(* ||phi||_M = 1 (for a sentence phi the value does not depend on e) *)
Definition holds (L : Lang) d (A : finTBOrderType d) (S : MTLchain A)
  (M : structure L A) (phi : fml L S) : Prop :=
  forall e : nat -> dom M, eval e phi = \top.

Definition model (L : Lang) d (A : finTBOrderType d) (S : MTLchain A)
  (T : fml L S -> Prop) (M : structure L A) : Prop :=
  forall chi, T chi -> holds M chi.

Definition substr (L : Lang) (A : Type) (M N : structure L A)
  (h : dom M -> dom N) : Prop :=
  injective h /\
  (forall f args, h (@fint _ _ M f args) = @fint _ _ N f (fun i => h (args i))) /\
  (forall p args, @pint _ _ N p (fun i => h (args i)) = @pint _ _ M p args).

Definition preserved_sub (L : Lang) d (A : finTBOrderType d) (S : MTLchain A)
  (T : fml L S -> Prop) (phi : fml L S) : Prop :=
  forall (M N : structure L A) (h : dom M -> dom N),
    substr h -> model T M -> model T N -> holds N phi -> holds M phi.

(* Quantifier-free formulas take the same values in a substructure, so universal
   sentences are preserved.  Conversely, let Gamma be the universal 1-consequences of
   phi modulo T, and let M be a model of T and Gamma.  Every finite part of the diagram
   of M is realized in a model of T and phi: otherwise "this part never holds", written
   (forall xs)(delta -> c) with c the coatom of A, would lie in Gamma and fail in M.
   The ultraproduct of these realizations is a model of T and phi containing M as a
   substructure, hence M satisfies phi.  Likewise, if no finite conjunction of Gamma
   were 1-equivalent to phi, an ultraproduct of countermodels would be a model of T
   and Gamma refuting phi.  Los's theorem holds for A-valued ultraproducts because A
   is a finite chain: U-limits of truth values exist and quantifiers are attained. *)

From mathcomp Require Import all_boot all_order.
From mathcomp Require Import boolp classical_sets filter.
From Stdlib Require Import ClassicalEpsilon.
Set Implicit Arguments. Unset Strict Implicit. Unset Printing Implicit Defensive.
Import Order.TTheory.
Local Open Scope order_scope.

Lemma pbP (P : Prop) : reflect P (pb P).
Proof. by rewrite /pb; case: excluded_middle_informative => ?; constructor. Qed.

Section FiniteChain.
Variables (d : Order.disp_t) (A : finTBOrderType d).

Lemma infA_lb (D : Type) (f : D -> A) m : infA f <= f m.
Proof. by apply/joinsP => a /pbP; apply. Qed.

Lemma infA_glb (D : Type) (f : D -> A) a : (forall m, a <= f m) -> a <= infA f.
Proof. by move=> fa; apply: (@joins_sup _ _ _ a) => //; apply/pbP. Qed.

Lemma supA_ub (D : Type) (f : D -> A) m : f m <= supA f.
Proof. by apply/meetsP => a /pbP; apply. Qed.

Lemma supA_lub (D : Type) (f : D -> A) a : (forall m, f m <= a) -> supA f <= a.
Proof. by move=> fa; apply: (@meets_inf _ _ _ a) => //; apply/pbP. Qed.

Lemma infA_attained (D : Type) (f : D -> A) : inhabited D -> exists m, f m = infA f.
Proof.
move=> [m0]; pose V a := pb (exists m, f m = a).
have Vf0 : V (f m0) by apply/pbP; exists m0.
case: (arg_minP id Vf0) => a /pbP [m <-] fmin; exists m.
by apply/eqP; rewrite eq_le infA_lb infA_glb // => m'; apply/fmin/pbP; exists m'.
Qed.

Lemma supA_attained (D : Type) (f : D -> A) : inhabited D -> exists m, f m = supA f.
Proof.
move=> [m0]; pose V a := pb (exists m, f m = a).
have Vf0 : V (f m0) by apply/pbP; exists m0.
case: (arg_maxP id Vf0) => a /pbP [m <-] fmax; exists m.
by apply/eqP; rewrite eq_le supA_ub supA_lub // => m'; apply/fmax/pbP; exists m'.
Qed.

Lemma infA_eq1 (D : Type) (f : D -> A) : infA f = \top <-> forall m, f m = \top.
Proof.
split=> [f1 m|f1]; apply/eqP; rewrite -le1x; first by rewrite -f1 infA_lb.
by apply: infA_glb => m; rewrite f1.
Qed.

Lemma exists_coatom : \top != \bot :> A ->
  exists c : A, c != \top /\ forall a : A, a != \top -> a <= c.
Proof.
move=> top_neq_bot; have nbot : [pred a : A | a != \top] \bot by rewrite /= eq_sym.
by case: (arg_maxP id nbot) => c c1 cmax; exists c.
Qed.

End FiniteChain.

Lemma fine_ultrafilter (X : Type) :
  exists U : set_system (seq X), UltraFilter U /\ forall x, U (fun F => List.In x F).
Proof.
pose above (F0 F : seq X) := forall x, List.In x F0 -> List.In x F.
have Uproper : ProperFilter (filter_from setT above).
  apply: filter_from_proper => [|F0 _]; last by exists F0.
  apply: filter_fromT_filter => [|F1 F2]; first by exists [::].
  by exists (F1 ++ F2) => F sub; split=> x xF; apply/sub/List.in_or_app; [left|right].
have [U [ultraU sub]] := ultraFilterLemma Uproper.
by exists U; split=> // x; apply: sub; exists [:: x] => // F; apply; left.
Qed.

Lemma dependent_choice (I : Type) (T : I -> Type) (P : forall i, T i -> Prop) :
  (forall i, exists y, P i y) -> exists y : forall i, T i, forall i, P i (y i).
Proof. by move=> w; exists (fun i => sval (cid (w i))) => i; apply: svalP. Qed.

Inductive fact (L : Lang) (D : Type) :=
| FactFun (f : Fsym L) of ('I_(far f) -> D)
| FactPred (p : Psym L) of ('I_(par p) -> D)
| FactNeq of D & D.
Arguments FactFun {L D} f _.
Arguments FactPred {L D} p _.
Arguments FactNeq {L D} _ _.

Definition preserves_fact (L : Lang) (A : Type) (M N : structure L A)
    (g : dom M -> dom N) (fa : fact L (dom M)) : Prop :=
  match fa with
  | FactFun f args => g (fint args) = fint (fun j => g (args j))
  | FactPred p args => pint (fun j => g (args j)) = pint args
  | FactNeq a b => a <> b -> g a <> g b
  end.

Definition fact_elems (L : Lang) (A : Type) (M : structure L A)
    (fa : fact L (dom M)) : seq (dom M) :=
  match fa with
  | FactFun f args => fint args :: map args (enum 'I_(far f))
  | FactPred p args => map args (enum 'I_(par p))
  | FactNeq a b => [:: a; b]
  end.
Arguments fact_elems {L A M} fa.

Section Ultraproduct.
Variables (d : Order.disp_t) (A : finTBOrderType d) (S : MTLchain A) (L : Lang).
Variables (I : Type) (U : set_system I) (Ms : I -> structure L A).
Hypothesis U_ultra : UltraFilter U.

Definition ulim (b : I -> A) : A :=
  epsilon (inhabits \top) (fun a => U (fun i => b i = a)).

Lemma ulim_spec b : U (fun i => b i = ulim b).
Proof.
apply: (epsilon_spec (inhabits \top) (fun a => U (fun i => b i = a))).
apply: contrapT => /forallNP no_lim.
have b_avoids a : U (fun i => b i <> a).
  by case: (in_ultra_setVsetC (fun i => b i = a) U_ultra) => // /no_lim.
have [i bi] := filter_ex (filter_forall _ b_avoids).
exact: (bi (b i)).
Qed.
(* Let $G=(V,E)$ be a graph with a partition $(A,B)$ of its vertex set. Let $G_1=(V,E_1)$ with $E_1=E\cup\{\{a,b\}: a,b\in B,\ a\neq b\}$. Then $\mathrm{box}(G_1)\le 2\,\mathrm{box}(G)$.
   Context: An interval graph is the intersection graph of a finite family of intervals of the real line. A box representation of dimension $k$ of $G=(V,E)$ is a family of $k$ interval graphs $I_1,\dots,I_k$ on vertex set $V$ with $E=E(I_1)\cap\cdots\cap E(I_k)$; the boxicity $\mathrm{box}(G)$ is the minimum such $k$. *)

From Stdlib Require Import Reals.
From mathcomp Require Import all_boot.
Set Implicit Arguments. Unset Strict Implicit. Unset Printing Implicit Defensive.

Definition simple_graph (V : finType) (e : rel V) : Prop :=
  irreflexive e /\ symmetric e.

(* Interval graph: intersection graph of a family of closed real intervals
   [l v, r v] indexed by the vertices. *)
Definition interval_graph (V : finType) (e : rel V) : Prop :=
  simple_graph e /\
  exists l r : V -> R, (forall v, Rle (l v) (r v)) /\
    forall u v, u != v ->
      (e u v <-> Rle (Rmax (l u) (l v)) (Rmin (r u) (r v))).

(* A box representation of dimension k of e: k interval graphs on V whose
   edge sets intersect to the edge set of e. *)
Definition box_rep (V : finType) (e : rel V) (k : nat) (I : 'I_k -> rel V) : Prop :=
  (forall i, interval_graph (I i)) /\
  forall u v, u != v -> (e u v <-> forall i, I i u v).

Definition has_box_rep (V : finType) (e : rel V) (k : nat) : Prop :=
  exists I : 'I_k -> rel V, @box_rep V e k I.

Definition is_boxicity (V : finType) (e : rel V) (b : nat) : Prop :=
  has_box_rep e b /\ forall k, has_box_rep e k -> b <= k.

Definition add_clique (V : finType) (e : rel V) (B : {set V}) : rel V :=
  fun u v => e u v || [&& u \in B, v \in B & u != v].

(* Stretch every interval of a vertex of B to the far left in one copy of an
   interval graph, and to the far right in a second copy.  Two stretched
   intervals of B always meet, while a pair with a vertex outside B meets in
   both copies exactly when the original intervals meet.  Hence each interval
   graph of a box representation of G, with B made a clique, is the
   intersection of two interval graphs, and doubling the dimension suffices. *)
From Stdlib Require Import Reals Lra.
From mathcomp Require Import all_boot.
Set Implicit Arguments. Unset Strict Implicit. Unset Printing Implicit Defensive.

Definition Rleb (x y : R) : bool := if Rle_dec x y then true else false.

Lemma RlebP (x y : R) : reflect (Rle x y) (Rleb x y).
Proof. by rewrite /Rleb; case: Rle_dec => H; constructor. Qed.

Definition interval_rel (V : finType) (l r : V -> R) : rel V :=
  fun u v => (u != v) && Rleb (Rmax (l u) (l v)) (Rmin (r u) (r v)).

Lemma interval_rel_interval_graph (V : finType) (l r : V -> R) :
  (forall v, Rle (l v) (r v)) -> interval_graph (interval_rel l r).
Proof.
move=> lr; split; [split|].
- by move=> u; rewrite /interval_rel eqxx.
- by move=> u v; rewrite /interval_rel eq_sym Rmax_comm Rmin_comm.
- exists l, r; split=> // u v uv; rewrite /interval_rel uv.
  by split=> /RlebP.
Qed.

Lemma intervals_meet (a c b d : R) : Rle a c -> Rle b d ->
  (Rle (Rmax a b) (Rmin c d) <-> Rle a d /\ Rle b c).
Proof. by rewrite /Rmax /Rmin => *; do 2 case: Rle_dec; split; lra. Qed.

Lemma finite_lower_bound (V : finType) (f : V -> R) :
  exists m, forall v, Rle m (f v).
Proof.
suff [m mP] : exists m, forall v, v \in enum V -> Rle m (f v).
  by exists m => v; apply: mP; rewrite mem_enum.
elim: (enum V) => [|x s [m mP]]; first by exists R0.
exists (Rmin (f x) m) => v; rewrite in_cons => /orP[/eqP-> | /mP]; first exact: Rmin_l.
by apply: Rle_trans; apply: Rmin_r.
Qed.

Lemma finite_upper_bound (V : finType) (f : V -> R) :
  exists M, forall v, Rle (f v) M.
Proof.
have [m mP] := finite_lower_bound (fun v => Ropp (f v)).
by exists (Ropp m) => v; have := mP v; lra.
Qed.

Section StretchIntervals.

Variables (V : finType) (B : {set V}) (l r : V -> R) (m M : R).
Hypotheses (lr : forall v, Rle (l v) (r v)) (ml : forall v, Rle m (l v))
  (rM : forall v, Rle (r v) M).

Definition stretch_left (v : V) : R := if v \in B then m else l v.
Definition stretch_right (v : V) : R := if v \in B then M else r v.

Lemma stretch_left_le v : Rle (stretch_left v) (r v).
Proof. by rewrite /stretch_left; case: ifP => // _; apply: Rle_trans (ml v) (lr v). Qed.

Lemma stretch_right_ge v : Rle (l v) (stretch_right v).
Proof. by rewrite /stretch_right; case: ifP => // _; apply: Rle_trans (lr v) (rM v). Qed.

Lemma interval_rel_stretch u v : u != v ->
  (interval_rel stretch_left r u v /\ interval_rel l stretch_right u v)
  <-> interval_rel l r u v \/ (u \in B) && (v \in B).
Proof.
move=> uv; rewrite /interval_rel uv /=.
rewrite -!(rwP (RlebP _ _)).
rewrite (intervals_meet (stretch_left_le u) (stretch_left_le v)).
rewrite (intervals_meet (stretch_right_ge u) (stretch_right_ge v)).
rewrite (intervals_meet (lr u) (lr v)) /stretch_left /stretch_right.
move: (ml u) (ml v) (rM u) (rM v) (lr u) (lr v).
case: (u \in B); case: (v \in B) => /= *; first by split=> _; [right | lra].
all: by split; intuition (try lra; try discriminate).
Qed.

End StretchIntervals.

Lemma interval_graph_add_clique (V : finType) (I : rel V) (B : {set V}) :
  interval_graph I -> exists I1 I2, [/\ interval_graph I1, interval_graph I2 &
    forall u v, u != v -> (add_clique I B u v <-> I1 u v /\ I2 u v)].
Proof.
case=> _ [l [r [lr Irep]]].
have [m ml] := finite_lower_bound l; have [M rM] := finite_upper_bound r.
exists (interval_rel (stretch_left B l m) r), (interval_rel l (stretch_right B r M)).
split; try apply: interval_rel_interval_graph.
- exact: stretch_left_le.
- exact: stretch_right_ge.
move=> u v uv; rewrite interval_rel_stretch // /add_clique uv andbT.
rewrite /interval_rel uv -(rwP (RlebP _ _)) -Irep //.
by split=> /orP.
Qed.

Lemma has_box_rep_add_clique (V : finType) (e : rel V) (B : {set V}) (k : nat) :
  has_box_rep e k -> has_box_rep (add_clique e B) (k + k).
Proof.
case=> I [Iint erep].
have /fin_all_exists [I1 I1P] : forall j, exists I1, exists I2,
    [/\ interval_graph I1, interval_graph I2 &
      forall u v, u != v -> (add_clique (I j) B u v <-> I1 u v /\ I2 u v)].
  by move=> j; apply: interval_graph_add_clique.
have /fin_all_exists [I2 I12P] := I1P.
exists (fun i => match split i with inl j => I1 j | inr j => I2 j end); split.
  by move=> i; case: (split i) => j; case: (I12P j).
move=> u v uv.
have clique_rep : add_clique e B u v <-> forall j, add_clique (I j) B u v.
  rewrite /add_clique uv andbT; case: ((u \in B) && (v \in B)).
    by rewrite orbT; split=> // _ j; rewrite orbT.
  by rewrite orbF erep //; split=> H j; move: (H j); rewrite orbF.
rewrite clique_rep; split=> [H i | H j].
- by case: (split i) => j; case: (I12P j) => _ _ /(_ u v uv) /proj1 /(_ (H j)) [].
- case: (I12P j) => _ _ -> //; split.
  + by have := H (unsplit (inl j)); rewrite unsplitK.
  + by have := H (unsplit (inr j)); rewrite unsplitK.
Qed.

Theorem lemma5 (V : finType) (e : rel V) (A B : {set V}) :
  simple_graph e ->
  A :&: B = set0 -> A :|: B = [set: V] ->
  forall b b1 : nat,
    is_boxicity e b -> is_boxicity (add_clique e B) b1 ->
    b1 <= 2 * b.
Proof.
move=> _ _ _ b b1 [eb _] [_ b1_min].
by rewrite mul2n -addnn; apply/b1_min/has_box_rep_add_clique.
Qed.
Lemma is_path_cat_loop a u v :
  is_path a u a -> is_path a v a -> is_path a (u ++ v) a.
Proof. by move=> hu hv; apply/is_path_cat; exists a. Qed.

Lemma is_path_fun a w b b' : is_path a w b -> is_path a w b' -> b = b'.
Proof.
elim: w a => [|l w IHw] a /=; first by move=> <- <-.
by case=> _ [_ /IHw hw] [_ [_ /hw]].
Qed.

Lemma twist_path c i : inc c i -> is_path c (twist c i) c.
Proof. by move=> hi; rewrite /= mu_inv // inc_mu_ex. Qed.

(* The cancellation relations must be excluded: [::] is a path at every cluster. *)
Lemma rel0_parallel u v : rel0 u v -> u <> [::] -> v <> [::] ->
  exists a b, is_path a u b /\ is_path a v b.
Proof.
case=> [c x _ _ /(_ erefl) []|c x _ _ /(_ erefl) []
       |c i j hi hj ij h0 c'|c i j hi hj ij h0 h1
       |c i j hi hj ij h0 h1 c1 j1 c2 i1 c3 j2 c4] _ _.
- have hi' : inc c' i by exact: inc_mu_neq.
  exists c, c'; rewrite /= !mu_inv //.
  by do !split=> //; exact: inc_mu_ex.
- exists c, (mu (mu c j) i); rewrite /= (square hi hj ij h0 h1).
  by do !split=> //; apply: inc_mu_neq; rewrite // eq_sym.
- have hA1 := arrow_pair_mu (And5 hi hj ij h0 h1 : arrow_pair c i j 0 1).
  have hA2 := arrow_pair_mu hA1; have hA3 := arrow_pair_mu hA2.
  have [_ hc1i _ _ _] := hA1; have [_ hc2j1 _ _ _] := hA2.
  have [_ hc3i1 _ _ _] := hA3; have [_ hc4j2 _ _ _] := arrow_pair_mu hA3.
  have closes : mu c4 j2 = c := pentagon hi hj ij h0 h1.
  have mu_c : mu c (ex c4 j2) = c4 by rewrite -{1}closes mu_inv.
  exists c, c2; rewrite /= mu_c !mu_inv //.
  do !split=> //; try exact: inc_mu_ex.
  by rewrite -{1}closes; exact: inc_mu_ex.
Qed.

Lemma rel0_path a b u v : rel0 u v -> u <> [::] -> v <> [::] ->
  is_path a u b <-> is_path a v b.
Proof.
move=> R un vn; have [a0 [b0 [pu pv]]] := rel0_parallel R un vn.
have ends w : w <> [::] -> is_path a0 w b0 -> is_path a w b -> a = a0 /\ b = b0.
  case: w => // l w _ [_ [<- hw0]] [_ [<- hw]].
  by split=> //; apply: is_path_fun hw hw0.
by split=> [/(ends _ un pu)|/(ends _ vn pv)] [-> ->].
Qed.

Lemma rel1_path a b u v : rel1 u v -> u <> [::] -> v <> [::] ->
  is_path a u b -> is_path a v b.
Proof. by case=> [/rel0_path R un vn /R|/rel0_path R un vn /R]; apply. Qed.

Lemma ceg_eq_path a b w w' : ceg_eq a b w w' -> is_path a w' b.
Proof. by case. Qed.

Lemma ceg_eq_trans a b u v w :
  ceg_eq a b u v -> ceg_eq a b v w -> ceg_eq a b u w.
Proof.
move=> huv hvw; elim: hvw huv => // w0 w1 w2 _ IH st P huv.
exact: ceg_step (IH huv) st P.
Qed.

Lemma ceg_eq_sym a b u v : ceg_eq a b u v -> ceg_eq a b v u.
Proof.
elim=> [w P|w w' w'' H IH st P]; first exact: ceg_refl.
apply: ceg_eq_trans (ceg_step (ceg_refl P) _ (ceg_eq_path H)) IH.
have [p [s [u0 [v0 [R [-> ->]]]]]] := st.
by exists p, s, v0, u0; split=> //; case: R; [right|left].
Qed.
Lemma mxF3_inj m n A B : wf_mx m n A -> wf_mx m n B ->
  mxF3 m n A = mxF3 m n B -> A = B.
Proof.
move=> wfA wfB /matrixP AB.
have /andP[/eqP Am _] := wfA; have /andP[/eqP Bm _] := wfB.
apply: (@eq_from_nth _ [::]) => [|i]; first by rewrite Am Bm.
rewrite Am => im; pose i' := Ordinal im; have Ai := wf_mx_row i' wfA.
apply: (@eq_from_nth _ A0) => [|j]; first by rewrite Ai (wf_mx_row i' wfB).
rewrite Ai => jn; apply: to_F3_inj.
by have := AB i' (Ordinal jn); rewrite !mxE.
Qed.

Definition word_of_row n (x : 'rV[F3]_n) : word := [seq of_F3 (x 0 j) | j <- enum 'I_n].

Lemma size_word_of_row n (x : 'rV[F3]_n) : size (word_of_row x) = n.
Proof. by rewrite size_map size_enum_ord. Qed.

Lemma word_of_rowK n (x : 'rV[F3]_n) : mxF3 1 n [:: word_of_row x] = x.
Proof.
apply/matrixP=> i j; rewrite (ord1 i) mxE /= (nth_map j) ?size_enum_ord //.
by rewrite nth_ord_enum of_F3K.
Qed.

Lemma row_mxF3 m n A (i : 'I_m) : row i (mxF3 m n A) = mxF3 1 n [:: nth [::] A i].
Proof. by apply/matrixP=> i' j; rewrite (ord1 i') !mxE. Qed.

Lemma card_nth_count (T : eqType) (x0 : T) (P : pred T) (s : seq T) n :
  size s = n -> #|[set j : 'I_n | P (nth x0 s j)]| = count P s.
Proof. by move=> <-; rewrite cardsE -sum1_card -sum1_count (big_nth x0) big_mkord. Qed.

Lemma hwt_mxF3 n z : size z = n -> hwt (mxF3 1 n [:: z]) = wt z.
Proof.
move=> zn; rewrite /hwt /wt -(card_nth_count A0 (predC1 A0) zn).
by apply: eq_card => j; rewrite !inE mxE /= to_F3_eq0.
Qed.

Lemma word_of_row_syndrome n r (H : seq word) (x : 'rV[F3]_n) : wf_mx n r H ->
  x *m mxF3 n r H = 0 -> lincomb r (word_of_row x) H = nseq r A0.
Proof.
move=> wfH xH.
have wfx : wf_mx 1 n [:: word_of_row x] by rewrite /wf_mx /= size_word_of_row eqxx.
have wf0 : wf_mx 1 r [:: nseq r A0] by rewrite /wf_mx /= size_nseq eqxx.
suff [] : lmulmx r [:: word_of_row x] H = [:: nseq r A0] by [].
apply: mxF3_inj (wf_mx_lmulmx wfx wfH) wf0 _.
by rewrite -(mxF3_mul wfx wfH) word_of_rowK xH -(mxF3_zero 1 r).
Qed.

Lemma word_of_row_neq0 n (x : 'rV[F3]_n) : x != 0 -> has (predC1 A0) (word_of_row x).
Proof.
apply: contraNT => /hasPn x0; apply/eqP/matrixP=> i j.
rewrite (ord1 i) mxE -[x 0 j]of_F3K.
by have /negPn/eqP -> := x0 _ (map_f _ (mem_enum _ j)).
Qed.

Lemma min_weight_mxF3 n r t (H : seq word) (x : 'rV[F3]_n) :
  wf_mx n r H -> min_weight_check t r H -> x *m mxF3 n r H = 0 -> x != 0 ->
  (t.*2.+2 <= hwt x)%N.
Proof.
move=> wfH ok xH x0; have /andP[/eqP Hn Hr] := wfH.
rewrite -(word_of_rowK x) hwt_mxF3 ?size_word_of_row //.
apply: min_weight_checkP ok Hr _ (word_of_row_syndrome wfH xH) (word_of_row_neq0 x0).
by rewrite size_word_of_row.
Qed.

(* [H] is an n x r matrix with G H = 0 (a transposed parity-check matrix) and
   [M] is the inverse of the Gram matrix G G^T. *)
Definition lcd_certificate n k r t (G H M : seq word) : bool :=
  [&& wf_mx k n G, wf_mx n r H, wf_mx k k M, (0 < k)%N,
      lmulmx r G H == nseq k (nseq r A0),
      lmulmx k (lmulmx k G (ltrmx n G)) M == lidmx k,
      wt (nth [::] G 0) == t.*2.+2 & min_weight_check t r H].

Lemma lcd_certificateP n k r t G H M : lcd_certificate n k r t G H M ->
  ternary_code_params n k t.*2.+2 (mxF3 k n G) /\ euclidean_LCD (mxF3 k n G).
Proof.
case/and4P=> wfG wfH wfM /and5P[k_gt0 /eqP GH0 /eqP gramM /eqP wtG0 ok].
have wfGGt := wf_mx_lmulmx wfG (wf_mx_ltrmx wfG).
have gram_inv : mxF3 k n G *m (mxF3 k n G)^T *m mxF3 k k M = 1%:M.
  have /andP[/eqP Gk _] := wfG.
  by rewrite -mxF3_tr // !mxF3_mul // ?wf_mx_ltrmx // gramM mxF3_lidmx.
have [gram_unit _] := mulmx1_unit gram_inv.
split; last exact: euclidean_LCD_gram_unit.
apply: (ternary_code_params_kernel (H := mxF3 n r H) (i := Ordinal k_gt0)) => //.
- exact: rank_gram_unit.
- by rewrite mxF3_mul // GH0 mxF3_zero.
- by rewrite row_mxF3 hwt_mxF3 ?(wf_mx_row (Ordinal k_gt0) wfG).
- by move=> x; apply: min_weight_mxF3.
Qed.

Local Close Scope ring_scope.

Definition digit (c : ascii) : t3 :=
  if Ascii.eqb c "1" then A1 else if Ascii.eqb c "2" then A2 else A0.

Fixpoint word_of_string (s : string) : word :=
  if s is String c s' then digit c :: word_of_string s' else [::].

Local Open Scope string_scope.

Definition G37 : seq word := map word_of_string [::
  "0000000000000000012100002000010000212";
  "2220012012000111000000000000000000000";
  "1002022222200200100000000000000000000";
  "1221211000010120001000000000000000000";
  "1000012211122100000100000000000000000";
  "0100001221112210000010000000000000000";
  "1120021110111110000001000000000000000";
  "1222020102011000000000100000000000000";
  "0122202010201100000000010000000000000";
  "2000102000111120000000001000000000000";
  "0102110110220210000000000100000000000";
  "2102020200201200000000000010000000000";
  "0210202020020120000000000001000000000";
  "1202211010120100000000000000100000000";
  "2111100200100020000000000000010000000";
  "0110210200222100000000000000001000000";
  "2002200122110220000000000000000100000";
  "1111111120002110000000000000000010000";
  "2200220001212120000000000000000001000";
  "1101210111212000000000000000000000100";
  "2101000110212210000000000000000000010";
  "1020121002021110000000000000000000001"].

Definition H37 : seq word := map word_of_string [::
  "200100111111001";
  "121222020120220";
  "012122202012022";
  "200000211222112";
  "222121012110121";
  "211100102010220";
  "021110010201022";
  "201202022011012";
  "222211220222011";
  "120100101001021";
  "110222022112222";
  "210110220202102";
  "220102010011120";
  "022010201001112";
  "201022011121021";
  "121011210121222";
  "211222112000002";
  "220210202221210";
  "022021020222121";
  "100111111001002";
  "212102102121010";
  "021210210212101";
  "100000000000000";
  "010000000000000";
  "001000000000000";
  "000100000000000";
  "000010000000000";
  "000001000000000";
  "000000100000000";
  "000000010000000";
  "000000001000000";
  "000000000100000";
  "000000000010000";
  "000000000001000";
  "000000000000100";
  "000000000000010";
  "000000000000001"].

Definition M37 : seq word := map word_of_string [::
  "2201001000102201221010";
  "2212111221201002111010";
  "0122102212211201121110";
  "1220011012102201112110";
  "0110121221101111211012";
  "0101200101002000120011";
  "1121101200022221020202";
  "0220212222222222221010";
  "0211200210220022010102";
  "0122110201111120011022";
  "1221100221120010200002";
  "0010002221222201111222";
  "2112122201021001200200";
  "2022102201020112020102";
  "0000102222100122011221";
  "1211101220011221000202";
  "2111210200212000002010";
  "2121122211010210011202";
  "1112100101010010211020";
  "0011002010022122020210";
  "1111110102020020102101";
  "0000212022220212020012"].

__________

● Brief
Your task is to set down only the lines that run from the opening of the listing to the line with "The ultraproduct of", both ends included, each unchanged.

● Result of the task
(* ||phi||_M = 1 (for a sentence phi the value does not depend on e) *)
Definition holds (L : Lang) d (A : finTBOrderType d) (S : MTLchain A)
  (M : structure L A) (phi : fml L S) : Prop :=
  forall e : nat -> dom M, eval e phi = \top.

Definition model (L : Lang) d (A : finTBOrderType d) (S : MTLchain A)
  (T : fml L S -> Prop) (M : structure L A) : Prop :=
  forall chi, T chi -> holds M chi.

Definition substr (L : Lang) (A : Type) (M N : structure L A)
  (h : dom M -> dom N) : Prop :=
  injective h /\
  (forall f args, h (@fint _ _ M f args) = @fint _ _ N f (fun i => h (args i))) /\
  (forall p args, @pint _ _ N p (fun i => h (args i)) = @pint _ _ M p args).

Definition preserved_sub (L : Lang) d (A : finTBOrderType d) (S : MTLchain A)
  (T : fml L S -> Prop) (phi : fml L S) : Prop :=
  forall (M N : structure L A) (h : dom M -> dom N),
    substr h -> model T M -> model T N -> holds N phi -> holds M phi.

(* Quantifier-free formulas take the same values in a substructure, so universal
   sentences are preserved.  Conversely, let Gamma be the universal 1-consequences of
   phi modulo T, and let M be a model of T and Gamma.  Every finite part of the diagram
   of M is realized in a model of T and phi: otherwise "this part never holds", written
   (forall xs)(delta -> c) with c the coatom of A, would lie in Gamma and fail in M.
   The ultraproduct of these realizations is a model of T and phi containing M as a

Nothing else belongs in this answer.